Benchmarking Async function & Mocks

AmmarAbouZor · AmmarAbouZor · commit 9abad31ce5fb · 2024-09-10T17:58:22.000+02:00
* Adding tips and tricks for running benchmarks on async function
  to reduce the overhead of the async runtime
* Tips for creating mocks for async trait to reduce the overhead for
  async runtime too
diff --git a/developer/src/performance/benchmarking.md b/developer/src/performance/benchmarking.md
@@ -32,4 +32,99 @@
 * `Iai-Callgrind` doesn't have currently a lot of recognition and support from Rust community compared to `Criterion`, however they have great documentation and the library is active development.
 
 
+## Benchmarking Asynchronous Functions
 
+Asynchronous functions run within an async runtime, which can introduce overhead, especially when benchmarking small, simple functions (e.g., using mocks).
+
+[Criterion](https://github.com/bheisler/criterion.rs) supports asynchronous benchmarking and allows users to configure the runtime. It also provides settings that can reduce the overhead introduced by the async runtime.
+
+### Configuring Criterion with Async Runtimes
+
+To minimize noise from the runtime, consider the following:
+
+#### Use a New Runtime Instance for Each Iteration
+
+Asynchronous runtimes configure themselves during initialization based on system state, potentially leading to runtime overhead accumulating in one direction.

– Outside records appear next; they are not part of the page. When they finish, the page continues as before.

(* The length of an affine permutation is its number of affine inversions
   Phi x = #{(a, b + k n) : 0 <= a, b < n, a < b + k n, x b + k n < x a},
   read off from its window x 0, ..., x (n-1). The simple reflection s_i swaps
   the window entries at positions i-1 and i (at positions -1 and 0 for i = 0),
   so it changes Phi by -1 or +1 according to the sign of (\partial x)_i. If no
   s_i lowers Phi, every (\partial x)_i is positive; since these sum to n,
   \partial x = (1, ..., 1) and Phi x = 0. Hence Phi x is the least number of
   reflections carrying (1, ..., 1) to \partial x.
   For dominant s, Phi s = \sum_(1 <= a < b <= n) floor((s_b - s_a) / n).
   Telescoping along s_a < s_{a+1} < ... < s_b, the step from s_i to s_{i+1}
   contributes the number of integers in (s_i, s_{i+1}) congruent to some s_a
   with a <= i, which is gamma_i because s_1, ..., s_n represent each residue
   exactly once; this step occurs for the n - i values b > i. *)

From mathcomp Require Import all_boot all_order all_algebra.
From mathcomp Require Import zify ring.
Set Implicit Arguments. Unset Strict Implicit. Unset Printing Implicit Defensive.
Import Order.TTheory GRing.Theory Num.Theory.
Local Open Scope ring_scope.

Ltac case_ifs := repeat (match goal with
  | |- context [if ?b then _ else _] =>
      lazymatch b with context [if _ then _ else _] => fail | _ => idtac end;
      case: (boolP b) => /= ?; try (exfalso; lia)
  | |- context [nat_of_bool ?b] => case: (boolP b) => /= ?; try (exfalso; lia)
  end).

(* Rewrites [x p] into [x q] whenever [p = q] holds by [lia], so that [lia]
   sees a single atom for both. *)
Ltac merge_args x := repeat match goal with
  | |- context [x ?p] => match goal with |- context [x ?q] =>
      assert_fails (assert (p = q) by reflexivity);
      let e := fresh in (have e : x p = x q by congr x; lia); rewrite e; clear e
  end end.

Lemma srefK (n : nat) (i : 'I_n) : involutive (sref i).
Proof.
move=> v; apply/ffunP => j; rewrite !ffunE eqxx.
by case: eqP => [->|_]; [rewrite opprK | ring].
Qed.

Lemma modSn_ord (n j : nat) : (j < n)%N -> (j.+1 %% n = if j == n.-1 then 0 else j.+1)%N.
Proof. by move=> jn; case: eqP => [->|h]; [rewrite prednK ?modnn //; lia | rewrite modn_small //; lia]. Qed.

Lemma divz_unique (z q d : int) : 0 < d -> q * d <= z < q * d + d -> (z %/ d)%Z = q.
Proof.
move=> d_gt0 /andP [zl zu].
have : q <= (z %/ d)%Z by rewrite lez_divRL.
have : ((z %/ d)%Z < q + 1) by rewrite ltz_divLR // mulrDl mul1r.
lia.
Qed.

Lemma divzN_ndvd (z d : int) : 0 < d -> ~~ (d %| z)%Z -> ((- z) %/ d)%Z = - (z %/ d)%Z - 1.
Proof.
move=> d_gt0 ndvd; apply: divz_unique => //.
have nz : d != 0 by lia.
have zl := lez_floor z nz; have zu := ltz_ceil z d_gt0.
have : (z %/ d)%Z * d != z by apply: contraNneq ndvd => <-; apply/dvdzP; exists (z %/ d)%Z.
rewrite mulrDl mul1r in zu; lia.
Qed.

Lemma sum_sum_supp2 (m : nat) (F : 'I_m -> 'I_m -> int) (p q : 'I_m) : p != q ->
  (forall a b, ~~ ((a == p) && (b == q)) -> ~~ ((a == q) && (b == p)) -> F a b = 0) ->
  \sum_a \sum_b F a b = F p q + F q p.
Proof.
move=> pq H.
rewrite (bigD1 p) //= (bigD1 q) //= big1 ?addr0; last first.
  by move=> b nbq; apply: H; rewrite ?eqxx ?(negbTE pq).
rewrite (bigD1 q) /=; last by rewrite eq_sym.
rewrite (bigD1 p) //= big1 ?addr0; last first.
  by move=> b nbp; apply: H; rewrite ?eqxx // eq_sym (negbTE pq).
rewrite big1 ?addr0 // => a /andP [ap aq]; apply: big1 => b _.
by apply: H; rewrite ?(negbTE ap) ?(negbTE aq).
Qed.

Section Windows.

Variable n : nat.
Hypothesis n_ge2 : (2 <= n)%N.

(* The configuration \partial x of the affine permutation with window
   x 0, ..., x n.-1, using x (-1) = x n.-1 - n. *)
Definition window_config (x : nat -> int) : config n :=
  [ffun j : 'I_n => x j - (if j == 0%N :> nat then x n.-1 - n%:Z else x j.-1)].

(* s_i swaps the window entries at positions i-1 and i; for i = 0 these are
   the positions -1 and 0, whence the shifts by n. *)
Definition refl_pos (i a : nat) : nat :=
  if i == 0%N then (if a == 0%N then n.-1 else if a == n.-1 then 0%N else a)
  else (if a == i.-1 then i else if a == i then i.-1 else a).

Definition refl_shift (i a : nat) : int :=
  if i == 0%N then (if a == 0%N then n%:Z else if a == n.-1 then - n%:Z else 0) else 0.

Definition window_refl (i : nat) (x : nat -> int) (a : nat) : int :=
  x (refl_pos i a) + refl_shift i (refl_pos i a).

Lemma sref_window_config (i : 'I_n) x :
  sref i (window_config x) = window_config (window_refl i x).
Proof.
apply/ffunP => j; rewrite !ffunE /=.
rewrite (modSn_ord (ltn_ord j)) (modSn_ord (ltn_ord i)) /window_refl /refl_pos /refl_shift.
have hi := ltn_ord i; have hj := ltn_ord j.
change (j == i) with (nat_of_ord j == nat_of_ord i).
move: (nat_of_ord i) (nat_of_ord j) hi hj => {}i {}j hi hj.
case_ifs.
all: repeat match goal with H : is_true (_ == _) |- _ => move/eqP: H => H end.
all: try subst; simpl in *; try lia.
all: merge_args x; lia.
Qed.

Using a new runtime for each iteration helps distribute this overhead.
+
+Example using Tokio:
+
+```rust
+// Using one runtime for all iterations leads to consistent overhead.
+let runner = tokio::runtime::Runtime::new().unwrap();
+bencher
+  .to_async(&runner)
+  .iter(|bencher| ...);
+
+// Using a new runtime per iteration distributes the overhead.
+bencher
+  .to_async(tokio::runtime::Runtime::new().unwrap())
+  .iter(|bencher| ...);
+
+```
+
+#### Increase Warm-up Time
+
+Allow the system to stabilize by increasing the warm-up time. This ensures that faulty runtime configurations are minimized when the system is cold.
+
+#### Additional Configurations
+
+- **Increase sample size and measurement time**: Reduces noise and outliers.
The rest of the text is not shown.